St. Mary's County students learning about the environment!

 

St. Mary’s County Public Schools Environmental Education Programs

 

The Environmental Education Program is an excellent example of an effective, long-term partnership between educators, parents, and the local and state government.  The goal of the program is to offer a dynamic field-oriented, hands-on environmental study program that is interdisciplinary in nature, sequentially developed, and available to all students.

 

The role of authentic field experiences in the enhancement of learning is significant.  St. Mary’s County Public Schools, through its environmental education programs, realizes this importance and provides three sites for implementing the field study program.

 

The Elms Environmental Education Center located on the Chesapeake Bay, provides access to streams, forests, wetlands and the Chesapeake Bay shoreline.  The Environmental Education Program in partnership with the Maryland Department of Natural Resources and the St. Mary’s County Board of County Commissioners has provided this study site for students for over twenty-five years.

 

Historic Sotterley Plantation, located on the Patuxent River, has been used by the St.
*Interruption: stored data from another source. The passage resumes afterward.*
(* Let $H:\mathbb{R}/\mathbb{Z}\times\mathbb{D}\to\mathbb{R}$ be smooth, vanishing on $\mathbb{R}/\mathbb{Z}\times\partial\mathbb{D}$, generating the symplectic isotopy $\tilde\varphi$, and suppose that the Hamiltonian vector field $X_{H^t}$ restricted to $\partial\mathbb{D}$ is independent of $t$ and that the rotation number on the boundary satisfies $|\rho(\tilde\varphi|_{\partial\mathbb{D}})|<1$. Let $H_n$ be defined, in polar coordinates $(r,\theta)$, by $H_n(t,1+r,\theta)=H(t,1+\rho_n(r),\theta)$ (with $H_n=H$ on $\mathbb{D}$), where $H$ also denotes a fixed smooth extension of $H$ to $\mathbb{R}/\mathbb{Z}\times\mathbb{R}^2$ and $\rho_n:\mathbb{R}\to\mathbb{R}$ are smooth functions with $\rho_n(r)=r$ for $r\le0$, $\rho_n(r)=0$ for $r\ge1/n$, and on $r\ge0$: $\rho_n\ge0$, $|\rho_n'|\le1$, $|\rho_n|\le1/n$, together with $\rho_n'(r)\ge-1/n$ for all $r$. Then for all sufficiently large $n$, every trajectory $x_n:[0,1]\to\mathbb{R}^2$ of $X_{H_n}$ whose image lies in $\mathbb{R}^2\setminus\dot{\mathbb{D}}$ satisfies $|\mathrm{wind}(x_n)|<1$.
   Context: $\mathbb{D}\subset\mathbb{R}^2$ is the closed unit disc, $\dot{\mathbb{D}}$ its interior, $\omega=dx\wedge dy$. Hamiltonian vector fields are defined by $\iota_{X_{H^t}}\omega=dH^t$, and $\tilde\varphi=\{\varphi_t\}$ is the flow $\frac{d}{dt}\varphi_t=X_{H^t}\circ\varphi_t$, $\varphi_0=\mathrm{id}$, which preserves $\mathbb{D}$. The rotation number $\rho(\tilde\varphi|_{\partial\mathbb{D}})$ is the rotation number (in full turns) of the lift of $\varphi_1|_{\partial\mathbb{D}}$ determined by the isotopy. If $x(t)=r(t)e^{i\theta(t)}$ with $\theta$ continuous, then $\mathrm{wind}(x)=(\theta(1)-\theta(0))/2\pi$. *)

From Stdlib Require Import Reals Lra.
From Coquelicot Require Import Coquelicot.
Open Scope R_scope.

(** Points of R^2 are pairs (x, y); a time-dependent function on R^2 is
    written H : R -> R -> R -> R, as H t x y. *)

Definition rad (x y : R) : R := sqrt (x ^ 2 + y ^ 2).

Definition continuous3 (f : R -> R -> R -> R) : Prop :=
  forall t x y,
    continuous (fun p : R * R * R => f (fst (fst p)) (snd (fst p)) (snd p)) (t, x, y).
Mary’s County Public Schools for over twenty years.  It provides the background for historic presentations on man’s history on the waterways and magnificent gardens for the student garden program.

 

The Piney Point Aquaculture Center, located on the Potomac River, provides students with the opportunity to learn about the aquaculture programs of The Maryland Department of Natural Resources and experience a trip aboard the skipjack from the Chesapeake Bay Field Lab.

 

Every student, kindergarten through seventh grade, has the opportunity to participate in a sequentially developed environmental education program each year.  In addition, programs for the eighth through twelfth grades are available using all three sites.  There are currently approximately 10,000 student visits annually to environmental sites.  This expansion is a clear indication of a successful and evolving partnership between schools, community, and county government.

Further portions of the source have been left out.